(Collected data)

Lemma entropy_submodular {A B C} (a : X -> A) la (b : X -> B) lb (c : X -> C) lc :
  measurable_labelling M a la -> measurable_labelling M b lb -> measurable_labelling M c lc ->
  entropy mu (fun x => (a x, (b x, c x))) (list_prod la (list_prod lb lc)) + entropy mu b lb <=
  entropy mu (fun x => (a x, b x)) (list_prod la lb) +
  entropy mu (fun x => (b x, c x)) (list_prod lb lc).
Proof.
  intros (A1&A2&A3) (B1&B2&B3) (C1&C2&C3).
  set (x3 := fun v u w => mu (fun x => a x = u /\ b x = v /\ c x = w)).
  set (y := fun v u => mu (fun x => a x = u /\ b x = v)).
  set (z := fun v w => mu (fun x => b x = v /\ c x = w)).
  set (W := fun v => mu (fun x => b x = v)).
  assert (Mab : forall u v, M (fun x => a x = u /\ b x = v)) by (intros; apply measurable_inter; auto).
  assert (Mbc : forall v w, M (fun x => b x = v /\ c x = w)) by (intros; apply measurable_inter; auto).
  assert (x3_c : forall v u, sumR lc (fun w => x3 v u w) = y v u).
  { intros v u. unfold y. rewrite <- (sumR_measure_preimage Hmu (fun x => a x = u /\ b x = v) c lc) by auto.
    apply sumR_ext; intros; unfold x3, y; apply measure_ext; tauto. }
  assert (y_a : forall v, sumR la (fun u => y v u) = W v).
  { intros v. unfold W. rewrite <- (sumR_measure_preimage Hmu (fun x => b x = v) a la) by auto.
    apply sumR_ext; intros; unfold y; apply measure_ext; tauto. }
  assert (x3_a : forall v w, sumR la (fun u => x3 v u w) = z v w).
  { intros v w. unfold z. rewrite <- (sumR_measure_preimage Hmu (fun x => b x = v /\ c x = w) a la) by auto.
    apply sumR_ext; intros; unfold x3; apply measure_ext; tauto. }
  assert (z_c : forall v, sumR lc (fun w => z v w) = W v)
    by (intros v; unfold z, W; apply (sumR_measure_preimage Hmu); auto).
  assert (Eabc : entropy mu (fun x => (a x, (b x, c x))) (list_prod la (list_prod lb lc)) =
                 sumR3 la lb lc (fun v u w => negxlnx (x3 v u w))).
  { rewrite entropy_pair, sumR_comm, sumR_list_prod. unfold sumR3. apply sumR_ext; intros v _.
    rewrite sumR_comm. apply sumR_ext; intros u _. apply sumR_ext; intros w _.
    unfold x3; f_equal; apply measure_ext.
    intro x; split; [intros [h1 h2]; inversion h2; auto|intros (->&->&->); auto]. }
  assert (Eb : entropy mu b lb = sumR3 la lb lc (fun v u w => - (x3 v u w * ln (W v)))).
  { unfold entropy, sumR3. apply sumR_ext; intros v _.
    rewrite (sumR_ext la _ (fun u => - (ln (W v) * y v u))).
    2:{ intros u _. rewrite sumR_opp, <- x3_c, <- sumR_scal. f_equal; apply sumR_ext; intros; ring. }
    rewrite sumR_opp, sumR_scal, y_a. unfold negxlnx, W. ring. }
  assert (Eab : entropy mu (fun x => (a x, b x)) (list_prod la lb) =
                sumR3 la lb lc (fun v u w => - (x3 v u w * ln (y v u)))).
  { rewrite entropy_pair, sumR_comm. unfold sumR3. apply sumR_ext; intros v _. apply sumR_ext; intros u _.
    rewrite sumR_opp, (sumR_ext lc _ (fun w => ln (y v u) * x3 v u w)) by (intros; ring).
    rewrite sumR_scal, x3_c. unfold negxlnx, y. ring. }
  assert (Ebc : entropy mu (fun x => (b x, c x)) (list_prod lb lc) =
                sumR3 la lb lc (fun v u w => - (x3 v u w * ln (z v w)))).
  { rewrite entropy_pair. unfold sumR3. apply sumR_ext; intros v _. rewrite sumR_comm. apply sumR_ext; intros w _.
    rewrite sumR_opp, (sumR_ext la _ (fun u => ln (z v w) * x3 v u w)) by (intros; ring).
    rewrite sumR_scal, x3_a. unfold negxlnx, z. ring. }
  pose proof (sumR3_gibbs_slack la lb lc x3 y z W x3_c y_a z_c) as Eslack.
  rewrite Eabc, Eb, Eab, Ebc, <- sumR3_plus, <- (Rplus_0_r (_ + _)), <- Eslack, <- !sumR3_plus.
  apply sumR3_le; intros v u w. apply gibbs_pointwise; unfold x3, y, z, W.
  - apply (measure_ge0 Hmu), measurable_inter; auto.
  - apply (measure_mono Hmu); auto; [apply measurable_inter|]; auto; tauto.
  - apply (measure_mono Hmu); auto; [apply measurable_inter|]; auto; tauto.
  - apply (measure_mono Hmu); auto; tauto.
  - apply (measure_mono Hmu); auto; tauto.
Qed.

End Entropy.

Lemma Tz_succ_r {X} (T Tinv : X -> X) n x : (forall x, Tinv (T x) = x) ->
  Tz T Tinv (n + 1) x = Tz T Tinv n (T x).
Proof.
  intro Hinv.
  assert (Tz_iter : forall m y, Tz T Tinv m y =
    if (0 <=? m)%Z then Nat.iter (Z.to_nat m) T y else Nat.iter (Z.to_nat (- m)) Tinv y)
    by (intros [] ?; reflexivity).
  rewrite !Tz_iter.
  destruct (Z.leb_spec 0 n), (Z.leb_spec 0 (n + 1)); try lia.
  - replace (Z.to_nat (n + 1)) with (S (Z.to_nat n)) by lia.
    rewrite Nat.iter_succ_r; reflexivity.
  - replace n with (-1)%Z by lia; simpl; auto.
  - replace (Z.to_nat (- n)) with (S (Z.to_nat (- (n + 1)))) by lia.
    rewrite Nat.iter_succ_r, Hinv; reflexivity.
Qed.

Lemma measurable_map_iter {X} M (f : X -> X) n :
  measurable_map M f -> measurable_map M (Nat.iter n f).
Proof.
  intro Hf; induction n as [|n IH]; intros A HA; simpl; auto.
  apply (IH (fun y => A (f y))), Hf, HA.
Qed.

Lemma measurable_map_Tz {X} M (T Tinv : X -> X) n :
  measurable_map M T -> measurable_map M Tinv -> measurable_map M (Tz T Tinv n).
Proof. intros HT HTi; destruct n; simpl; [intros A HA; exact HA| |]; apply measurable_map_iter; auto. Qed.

- [EXERCISE]: Your task is to repeat the data exactly, with nothing left out.

- [TASK RESPONSE]:
Lemma entropy_submodular {A B C} (a : X -> A) la (b : X -> B) lb (c : X -> C) lc :
  measurable_labelling M a la -> measurable_labelling M b lb -> measurable_labelling M c lc ->
  entropy mu (fun x => (a x, (b x, c x))) (list_prod la (list_prod lb lc)) + entropy mu b lb <=
  entropy mu (fun x => (a x, b x)) (list_prod la lb) +
  entropy mu (fun x => (b x, c x)) (list_prod lb lc).
Proof.
  intros (A1&A2&A3) (B1&B2&B3) (C1&C2&C3).
  set (x3 := fun v u w => mu (fun x => a x = u /\ b x = v /\ c x = w)).
  set (y := fun v u => mu (fun x => a x = u /\ b x = v)).
  set (z := fun v w => mu (fun x => b x = v /\ c x = w)).
  set (W := fun v => mu (fun x => b x = v)).
  assert (Mab : forall u v, M (fun x => a x = u /\ b x = v)) by (intros; apply measurable_inter; auto).
  assert (Mbc : forall v w, M (fun x => b x = v /\ c x = w)) by (intros; apply measurable_inter; auto).
  assert (x3_c : forall v u, sumR lc (fun w => x3 v u w) = y v u).
  { intros v u. unfold y. rewrite <- (sumR_measure_preimage Hmu (fun x => a x = u /\ b x = v) c lc) by auto.
    apply sumR_ext; intros; unfold x3, y; apply measure_ext; tauto. }
  assert (y_a : forall v, sumR la (fun u => y v u) = W v).
  { intros v. unfold W. rewrite <- (sumR_measure_preimage Hmu (fun x => b x = v) a la) by auto.
    apply sumR_ext; intros; unfold y; apply measure_ext; tauto. }
  assert (x3_a : forall v w, sumR la (fun u => x3 v u w) = z v w).
  { intros v w. unfold z. rewrite <- (sumR_measure_preimage Hmu (fun x => b x = v /\ c x = w) a la) by auto.
    apply sumR_ext; intros; unfold x3; apply measure_ext; tauto. }
  assert (z_c : forall v, sumR lc (fun w => z v w) = W v)
    by (intros v; unfold z, W; apply (sumR_measure_preimage Hmu); auto).
  assert (Eabc : entropy mu (fun x => (a x, (b x, c x))) (list_prod la (list_prod lb lc)) =
                 sumR3 la lb lc (fun v u w => negxlnx (x3 v u w))).
  { rewrite entropy_pair, sumR_comm, sumR_list_prod. unfold sumR3. apply sumR_ext; intros v _.
    rewrite sumR_comm. apply sumR_ext; intros u _. apply sumR_ext; intros w _.
    unfold x3; f_equal; apply measure_ext.
    intro x; split; [intros [h1 h2]; inversion h2; auto|intros (->&->&->); auto]. }
  assert (Eb : entropy mu b lb = sumR3 la lb lc (fun v u w => - (x3 v u w * ln (W v)))).
  { unfold entropy, sumR3. apply sumR_ext; intros v _.
    rewrite (sumR_ext la _ (fun u => - (ln (W v) * y v u))).
    2:{ intros u _. rewrite sumR_opp, <- x3_c, <- sumR_scal. f_equal; apply sumR_ext; intros; ring. }
    rewrite sumR_opp, sumR_scal, y_a. unfold negxlnx, W. ring. }
  assert (Eab : entropy mu (fun x => (a x, b x)) (list_prod la lb) =
                sumR3 la lb lc (fun v u w => - (x3 v u w * ln (y v u)))).
  { rewrite entropy_pair, sumR_comm. unfold sumR3. apply sumR_ext; intros v _. apply sumR_ext; intros u _.
    rewrite sumR_opp, (sumR_ext lc _ (fun w => ln (y v u) * x3 v u w)) by (intros; ring).
    rewrite sumR_scal, x3_c. unfold negxlnx, y. ring. }
  assert (Ebc : entropy mu (fun x => (b x, c x)) (list_prod lb lc) =
                sumR3 la lb lc (fun v u w => - (x3 v u w * ln (z v w)))).
  { rewrite entropy_pair. unfold sumR3. apply sumR_ext; intros v _. rewrite sumR_comm. apply sumR_ext; intros w _.
    rewrite sumR_opp, (sumR_ext la _ (fun u => ln (z v w) * x3 v u w)) by (intros; ring).
    rewrite sumR_scal, x3_a. unfold negxlnx, z. ring. }
  pose proof (sumR3_gibbs_slack la lb lc x3 y z W x3_c y_a z_c) as Eslack.
  rewrite Eabc, Eb, Eab, Ebc, <- sumR3_plus, <- (Rplus_0_r (_ + _)), <- Eslack, <- !sumR3_plus.
  apply sumR3_le; intros v u w. apply gibbs_pointwise; unfold x3, y, z, W.
  - apply (measure_ge0 Hmu), measurable_inter; auto.
  - apply (measure_mono Hmu); auto; [apply measurable_inter|]; auto; tauto.
  - apply (measure_mono Hmu); auto; [apply measurable_inter|]; auto; tauto.
  - apply (measure_mono Hmu); auto; tauto.
  - apply (measure_mono Hmu); auto; tauto.
Qed.

End Entropy.

Lemma Tz_succ_r {X} (T Tinv : X -> X) n x : (forall x, Tinv (T x) = x) ->
  Tz T Tinv (n + 1) x = Tz T Tinv n (T x).
Proof.
  intro Hinv.
  assert (Tz_iter : forall m y, Tz T Tinv m y =
    if (0 <=? m)%Z then Nat.iter (Z.to_nat m) T y else Nat.iter (Z.to_nat (- m)) Tinv y)
    by (intros [] ?; reflexivity).
  rewrite !Tz_iter.
  destruct (Z.leb_spec 0 n), (Z.leb_spec 0 (n + 1)); try lia.
  - replace (Z.to_nat (n + 1)) with (S (Z.to_nat n)) by lia.
    rewrite Nat.iter_succ_r; reflexivity.
  - replace n with (-1)%Z by lia; simpl; auto.
  - replace (Z.to_nat (- n)) with (S (Z.to_nat (- (n + 1)))) by lia.
    rewrite Nat.iter_succ_r, Hinv; reflexivity.
Qed.

Lemma measurable_map_iter {X} M (f : X -> X) n :
  measurable_map M f -> measurable_map M (Nat.iter n f).
Proof.
  intro Hf; induction n as [|n IH]; intros A HA; simpl; auto.
  apply (IH (fun y => A (f y))), Hf, HA.
Qed.

Lemma measurable_map_Tz {X} M (T Tinv : X -> X) n :
  measurable_map M T -> measurable_map M Tinv -> measurable_map M (Tz T Tinv n).
Proof. intros HT HTi; destruct n; simpl; [intros A HA; exact HA| |]; apply measurable_map_iter; auto. Qed.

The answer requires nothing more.